I don’t usually pay much attention to lists of “Top 10 Books” that come out at the end of each year. They tend to be too much like those annoying, whitewashed annual holiday letters:
Look how artsy I am! I could not put down that impenetrable novel you tossed after 10 pages! See how smart I am! I loved that biography that weighs more than the chair I sat in to read it!
This year, though, I read two books I knew had to make every list. The first was The Warmth of Other Suns: The Epic Journey of America’s Great Migration (Random House). I had the good luck to review Isabel Wilkerson’s book for The Seattle Times.
I wrote:
Many of us see the history of African Americans as bracketed by slavery and the televised moments of the 1950s-’60s civil-rights movement. Coverage of Barack Obama’s historic election replayed those midcentury milestones: cruel, brave, jubilant, violent moments. The past unrolled in footage of powerful speeches; attack dogs and fire hoses; a dignified, unblinking dark-skinned girl walking into a Southern school with white adults screaming abuse all around her.

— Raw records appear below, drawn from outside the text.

(* With Z_L := \int rho(y - L) dmu the densities are rho(y - L)/Z_L, and
     rho(y - L_Delta)/Z_Delta - rho(y - L_dag)/Z_dag
       = (rho(y - L_Delta) - rho(y - L_dag))/Z_Delta
         + rho(y - L_dag) (Z_dag - Z_Delta)/(Z_Delta Z_dag).
   By the Lipschitz bound (N.1) the first numerator is at most
   K |L_Delta - L_dag|_Gamma pointwise and the second at most
   K ||L_Delta - L_dag||_L1 <= K ||L_Delta - L_dag||_Lp, while (N.2) bounds
   rho.  The normalising constants are bounded below using (N.3),
   |y - L|^2 <= 2|y|^2 + 2|L|^2 and Jensen's inequality for exp:
   Z_L >= C^-1 exp(-|y|^2 - ||L||_2^2).  Minkowski's inequality concludes. *)

Section quadratic_form.
Variables (R : comRingType) (d : nat).
Implicit Types (M : 'M[R]_d) (v a b : 'rV[R]_d).

Definition qform M v : R := (v *m M *m v^T) 0 0.

Lemma qformE M v : qform M v = \sum_j (\sum_k v 0 k * M k j) * v 0 j.
Proof. by rewrite /qform !mxE; apply: eq_bigr => j _; rewrite !mxE. Qed.

Lemma qformN M v : qform M (- v) = qform M v.
Proof.
rewrite !qformE; apply: eq_bigr => j _.
rewrite !mulr_suml; apply: eq_bigr => k _.
rewrite !mxE; ring.
Qed.

Lemma qform_parallelogram M a b :
  qform M (a - b) + qform M (a + b) = 2 * qform M a + 2 * qform M b.
Proof.
rewrite !qformE !mulr_sumr -!big_split /=; apply: eq_bigr => j _.
rewrite !mulr_suml !mulr_sumr -!big_split /=; apply: eq_bigr => k _.
rewrite !mxE; ring.
Qed.

End quadratic_form.

Lemma qform_le_coord (R : realDomainType) d (M : 'M[R]_d) (v : 'rV[R]_d) e :
  (forall k, `|v 0 k| <= e) -> qform M v <= (\sum_j \sum_k `|M k j|) * e ^+ 2.
Proof.
move=> ve; rewrite qformE mulr_suml; apply: ler_sum => j _.
rewrite !mulr_suml; apply: ler_sum => k _.
have e0 : 0 <= e by apply: le_trans (ve k).
apply: le_trans (ler_norm _) _.
rewrite !normrM expr2 mulrA [`|v 0 k| * _]mulrC.
by apply: ler_pM; rewrite ?mulr_ge0 ?ler_pM.
Qed.

Section Gamma_norm.
Variables (R : realType) (d : nat) (G : 'M[R]_d).
Implicit Types (v a b : 'rV[R]_d).

Lemma Gnorm_ge0 v : 0 <= Gnorm G v.
Proof. exact: sqrtr_ge0. Qed.

Lemma GnormN v : Gnorm G (- v) = Gnorm G v.
Proof. by rewrite /Gnorm -/(qform _ _) qformN. Qed.

Lemma GnormB a b : Gnorm G (a - b) = Gnorm G (b - a).
Proof. by rewrite -GnormN opprB. Qed.

Lemma GnormBB c a b : Gnorm G ((c - a) - (c - b)) = Gnorm G (a - b).
Proof. by rewrite opprB addrC addrA subrK GnormB. Qed.

Lemma Gnorm_le_coord v e : 0 <= e -> (forall k, `|v 0 k| <= e) ->
  Gnorm G v <= Num.sqrt (\sum_j \sum_k `|invmx G k j|) * e.
Proof.
move=> e0 ve; rewrite /Gnorm -/(qform _ _) -(ger0_norm e0) -sqrtr_sqr.
rewrite -sqrtrM; last by apply: sumr_ge0 => j _; apply: sumr_ge0.
by apply: ler_wsqrtr; exact: qform_le_coord.
Qed.

Hypothesis spdG : spd_matrix G.

Lemma spd_unitmx : G \in unitmx.
Proof.
case: spdG => _ pos; rewrite unitmxE unitfE; apply/negP => /det0P[v v0 vG].
by have := pos v v0; rewrite vG mul0mx mxE ltxx.
Qed.

Lemma qform_invmx_ge0 v : 0 <= qform (invmx G) v.
Proof.
case: (spdG) => sym pos; set w := v *m invmx G.
have vE : v = w *m G by rewrite /w -mulmxA mulVmx ?spd_unitmx // mulmx1.
have -> : qform (invmx G) v = (w *m G *m w^T) 0 0.
  by rewrite /qform -/w {1}vE trmx_mul sym mulmxA.
have [->|w0] := eqVneq w 0; first by rewrite !mul0mx mxE.
exact/ltW/pos.
Qed.

Lemma sqr_Gnorm v : Gnorm G v ^+ 2 = qform (invmx G) v.
Proof. by rewrite /Gnorm sqr_sqrtr // qform_invmx_ge0. Qed.

Lemma sqr_GnormB_le a b :
  Gnorm G (a - b) ^+ 2 <= 2 * Gnorm G a ^+ 2 + 2 * Gnorm G b ^+ 2.
Proof.
by rewrite !sqr_Gnorm -qform_parallelogram lerDl qform_invmx_ge0.
Qed.

End Gamma_norm.

Section rv_measurable.
Context dT (T : measurableType dT) (R : realType) (d : nat).
Implicit Types F : T -> 'rV[R]_d.

Lemma rv_measurable_cst (c : 'rV[R]_d) : rv_measurable (fun _ : T => c).
Proof. by move=> i; exact: measurable_cst. Qed.

Lemma rv_measurableB F1 F2 : rv_measurable F1 -> rv_measurable F2 ->
  rv_measurable (fun x => F1 x - F2 x).
Proof.
move=> mF1 mF2 i; rewrite (_ : (fun x => _) = fun x => F1 x 0 i - F2 x 0 i).
  exact: measurable_funB.
by apply: funext => x; rewrite !mxE.
Qed.

Lemma measurable_qform (M : 'M[R]_d) F :
  rv_measurable F -> measurable_fun setT (fun x => qform M (F x)).
Proof.
move=> mF; under eq_fun do rewrite qformE.
apply: measurable_sum => j; apply: measurable_funM; last exact: mF.
apply: measurable_sum => k; apply: measurable_funM; first exact: mF.
exact: measurable_cst.
Qed.

Lemma measurable_Gnorm (G : 'M[R]_d) F :
  rv_measurable F -> measurable_fun setT (fun x => Gnorm G (F x)).
Proof.
move=> mF; apply: (measurableT_comp (continuous_measurable_fun _)).
  exact: sqrt_continuous.
exact: measurable_qform.
Qed.

End rv_measurable.

Definition rat_row {R : realType} {d : nat} (n : nat) : 'rV[R]_d :=
  if @pickle_inv 'rV[rat]_d n is Some r then map_mx ratr r else 0.

Lemma rat_row_dense (R : realType) d (v : 'rV[R]_d) e : 0 < e ->
  exists n, forall k, `|(v - rat_row n) 0 k| <= e.
Proof.
move=> e0; have /fin_all_exists[q qv] : forall k : 'I_d,
    exists q : rat, ratr q \in `](v 0 k - e), (v 0 k + e)[.
  by move=> k; apply: rat_in_itvoo; lra.
exists (pickle (\row_k q k)) => k; rewrite /rat_row pickleK_inv !mxE.
have := qv k; rewrite in_itv /= => /andP[qlo qhi].
by rewrite ler_norml; apply/andP; split; lra.
Qed.

Lemma rat_row_Gnorm_dense (R : realType) d (G : 'M[R]_d) v e : 0 < e ->
  exists n, Gnorm G (v - rat_row n) <= e.
Proof.
move=> e0; pose c := Num.sqrt (\sum_j \sum_k `|invmx G k j|).
have c0 : 0 <= c := sqrtr_ge0 _.
have c1 : 0 < c + 1 by lra.
have [n vn] := rat_row_dense v (divr_gt0 e0 c1).
exists n; apply: le_trans (Gnorm_le_coord _ _ vn) _; first exact/ltW/divr_gt0.
by rewrite -/c mulrA ler_pdivrMr //; lra.
Qed.

Section lipschitz_measurable.
Variables (R : realType) (d : nat) (G : 'M[R]_d) (phi : 'rV[R]_d -> R) (K : R).
Hypotheses (K0 : 0 <= K)
  (phiK : forall a b, `|phi a - phi b| <= K * Gnorm G (a - b)).

Let envelope v n := phi (rat_row n) + K * Gnorm G (v - rat_row n).

Lemma lipschitz_le_envelope v n : phi v <= envelope v n.
Proof.
rewrite /envelope; have := phiK v (rat_row n).
by have := ler_norm (phi v - phi (rat_row n)); lra.
Qed.

(* Row vectors carry no measurable structure here, only their coordinates
   do; writing [phi] as a countable infimum is what makes [phi \o F]
   measurable. *)
Lemma lipschitz_infsE v : phi v = infs (envelope v) 0.
Proof.
rewrite /infs /=; set E := sdrop _ _.
have E_lb : lbound E (phi v) by move=> _ [n _ <-]; exact: lipschitz_le_envelope.
apply/le_anti/andP; split; first by apply: lb_le_inf => //; exists (envelope v 0), 0%N.
apply/ler_addgt0Pr => e e0.
have cK : 0 < 2 * K + 1 by have := K0; lra.
set x := e / (2 * K + 1).
have ex : (2 * K + 1) * x = e by rewrite /x mulrC divfK ?gt_eqF.
have x0 : 0 <= x by rewrite /x ltW ?divr_gt0.
have [n vn] := rat_row_Gnorm_dense G v (divr_gt0 e0 cK).
have infE : inf E <= envelope v n by apply: ge_inf; [exists (phi v)|exists n].
have Kvn : K * Gnorm G (v - rat_row n) <= K * x by rewrite ler_wpM2l.
have := phiK (rat_row n) v; rewrite GnormB.
have := ler_norm (phi (rat_row n) - phi v).
by move: infE; rewrite /envelope; lra.
Qed.

Lemma measurable_lipschitz_comp dT (T : measurableType dT) (F : T -> 'rV[R]_d) :
  rv_measurable F -> measurable_fun setT (fun x => phi (F x)).
Proof.
move=> mF.
apply: (eq_measurable_fun (fun x => infs (envelope (F x)) 0)).
  by move=> x _; rewrite -lipschitz_infsE.
apply: measurable_fun_infs => [x _|n].
  by exists (phi (F x)) => _ [n _ <-]; exact: lipschitz_le_envelope.
apply: measurable_funD; first exact: measurable_cst.
apply: measurable_funM; first exact: measurable_cst.
by apply: measurable_Gnorm; apply: rv_measurableB => //; exact: rv_measurable_cst.
Qed.

End lipschitz_measurable.

Local Open Scope ereal_scope.

Lemma measurable_powR_norm dT (T : measurableType dT) (R : realType) (r : R)
    (f : T -> R) :
  measurable_fun setT f -> measurable_fun setT (fun x => ((`|f x| `^ r)%R%:E)).
Proof.
move=> mf; apply/measurable_EFinP.
apply: (measurableT_comp (measurable_powR r)).
exact: (measurableT_comp (@normr_measurable R setT)).
Qed.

Isabel Wilkerson’s exceptional book, “The Warmth of Other Suns,” moves the story to a much larger screen, as she chronicles the migration of some six million African Americans who left the South behind between World War I and the 1970s. Her extensive demographic and social-history research, thousands of interviews and select oral histories create a fresh, rich book.
Wilkerson is getting well deserved recognition right and left. She’s already won a Pulitzer for her work at The New York Times – now she’ll likely get another.
The other book is The Immortal Life of Henrietta Lacks (Crown) by Rebecca Skloot. It’s a fascinating story (enough so that Oprah will movie-ize it soon) and Skloot’s crafting of the science and human stories is nothing short of brilliant.
I noted its publication on this blog:
Cells from Henrietta Lacks, a cancer patient in the 1950s, started something that seems more magical than scientific. Johns Hopkins doctors who took the cells from Lacks, a poor African American farmer, never imagined creating HeLa – the “immortal” cells grown in culture that live on and save lives around the world. This is tireless, deep reporting sensitively done and written with unusual clarity. The very talented Skloot erases the line between lab and humanity with inspiring deftness.
Skloot’s book has attracted great press. Yet some of the year-end lists of Top Ten do not include it. Hello? This makes zero sense.
Maybe it has something to do with the publication date — long ago in February 2010. We have short memories in this society. But, still.
An exception is critic Dwight Garner’s list. He’s the sharp book dude at The New York Times–the one who avoids making a review more about himself, something most of his peers seem unable to avoid. Garner’s a fine writer with encyclopedic knowledge of contemporary publishing and a charming sense of humor. Again, all too rare among the professional book junkies. His review of Skloot’s book was typically well done.
Garner also had the catchiest, most fitting one-liner of any book review in 2010:
“A thorny and provocative book about cancer, racism, scientific ethics and crippling poverty, ‘The Immortal Life of Henrietta Lacks’ also floods over you like a narrative dam break, as if someone had managed to distill and purify the more addictive qualities of “Erin Brockovich,” “Midnight in the Garden of Good and Evil” and “The Andromeda Strain.” More than 10 years in the making, it feels like the book Ms. Skloot was born to write. It signals the arrival of a raw but quite real talent.’”
Garner produced 2010′s best list — and yes, it appears I am now on the way to compiling the “Top Ten Lists” list.” Well, someone had to do it.